Employee skills are not the only drivers of a company’s bottom line. Even when an organization has highly skilled employees, when they do not commit themselves fully, or when they fall under the “disengaged” worker classification, they actually do more harm than good. And because hiring and training new talents cost a lot of money, companies should focus on retaining them.
Employers, leaders, and managers should know how to distinguish unhappy, dissatisfied, and disengaged employees, as this can help them boost not only worker retention rate, but the overall performance, quality, and bottom line of their organization.
Poor productivity, low-quality work outcome
Someone who used to work with enthusiasm and showed great team player characteristics, but now shows a dramatic decrease in interest, and has become increasingly distracted may soon give you a resignation letter.
These negative behaviors, coupled with the lack of focus, causes a decrease in productivity levels and results in subpar work results. Other similar signs that you have employees about to quit their jobs include missing meetings and deadlines.
Negative attitude, constant complaints
When one of your normally happy workers suddenly undergoes a negative transformation in terms of displaying negative attitude, such as constantly complaining about his/her work, take this as a sign he/she wants out.

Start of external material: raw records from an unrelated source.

(* There is a universal constant $c>0$ such that the following holds. Let $\gamma \in (0, 1/6]$, let $n \geq 2$ be an integer, and let $\eta \geq \eta_1 := \max\{n, \frac{32}{\gamma^2}\log(3/\gamma)\}$. Then there exist a dimension $d$ and a dataset $x_1,\dots,x_n\in\mathbb{R}^d$ with $\|x_i\| \le 1$ for all $i$, linearly separable with maximum margin exactly $\gamma$, such that gradient descent with step size $\eta$ on this dataset has transition time $\tau := \min\{t \geq 0 : F(w_t) \leq 1/(8\eta)\}$ satisfying $\tau \geq c\left(\frac{n}{\gamma} + \frac{1}{\gamma^2}\right)$.
   Context: All labels are $+1$. Linear separability: some $w$ has $\langle w,x_i\rangle>0$ for all $i$. Maximum margin: $\max_{\|w\|=1}\min_i\langle w,x_i\rangle$. Loss $F(w) = \frac{1}{n}\sum_{i=1}^n \log(1+\exp(-\langle w, x_i\rangle))$. Gradient descent with constant step size $\eta$: $w_0 = 0$, $w_{t+1} = w_t - \eta\nabla F(w_t)$. *)

From Stdlib Require Import Reals.
From HB Require Import structures.
From mathcomp Require Import all_boot all_order all_algebra.
From mathcomp Require Import Rstruct.
Set Implicit Arguments. Unset Strict Implicit. Unset Printing Implicit Defensive.
Import Order.TTheory GRing.Theory Num.Theory.
Local Open Scope ring_scope.

Definition dot (d : nat) (u v : 'rV[R]_d) : R := \sum_(k < d) u 0 k * v 0 k.
Definition vnorm (d : nat) (u : 'rV[R]_d) : R := Num.sqrt (dot u u).

(* Logistic loss F(w) = 1/n sum_i log(1 + exp(-<w,x_i>)) (all labels +1). *)
Definition loss (n d : nat) (x : 'I_n -> 'rV[R]_d) (w : 'rV[R]_d) : R :=
  n%:R^-1 * \sum_(i < n) ln (1 + exp (- dot w (x i))).

Definition grad (n d : nat) (x : 'I_n -> 'rV[R]_d) (w : 'rV[R]_d) : 'rV[R]_d :=
  n%:R^-1 *: \sum_(i < n) (- (1 + exp (dot w (x i)))^-1) *: x i.

Fixpoint gd (n d : nat) (x : 'I_n -> 'rV[R]_d) (eta : R) (t : nat) : 'rV[R]_d :=
  match t with
  | O => 0
  | S t' => gd x eta t' - eta *: grad x (gd x eta t')
  end.

Definition lin_separable (n d : nat) (x : 'I_n -> 'rV[R]_d) : Prop :=
  exists w : 'rV[R]_d, forall i, 0 < dot w (x i).

(* max_{||w||=1} min_i <w,x_i> = g : the value g is attained by some unit w,
   and no unit w does better. *)
Definition max_margin_is (n d : nat) (x : 'I_n -> 'rV[R]_d) (g : R) : Prop :=
  (exists w : 'rV[R]_d, vnorm w = 1 /\ forall i, g <= dot w (x i)) /\
  (forall w : 'rV[R]_d, vnorm w = 1 -> exists i, dot w (x i) <= g).

From Stdlib Require Import Reals.
From HB Require Import structures.
From mathcomp Require Import all_boot all_order all_algebra.
From mathcomp Require Import Rstruct.
From mathcomp.algebra_tactics Require Import ring lra.
Import Order.TTheory GRing.Theory Num.Theory.
Local Open Scope ring_scope.
Set Implicit Arguments. Unset Strict Implicit. Unset Printing Implicit Defensive.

Increased absenteeism or sudden use of many sick or vacation times
Previously dependable team members who begin to call in sick more frequently or file for lengthy vacation times may already be shopping around for a new employer. However, you should not jump to a conclusion right away. It pays to have a sit-down with these employees and ask them genuinely how things are going. Showing empathy and sympathy will make them feel even more valued.
Baldridge National Quality Program’s performance criteria can help your company determine if it’s making accomplishment which can positively affect your business. Use this as a guide to make decisions regarding your employees.
Always keep in mind that human capital fuels businesses. Whenever you lose valued workers, it results in loss of productivity, workplace disruption, and profits. Employers, leaders, and managers should recognize these symptoms early so that they can properly respond and make the necessary improvements to retain their talents.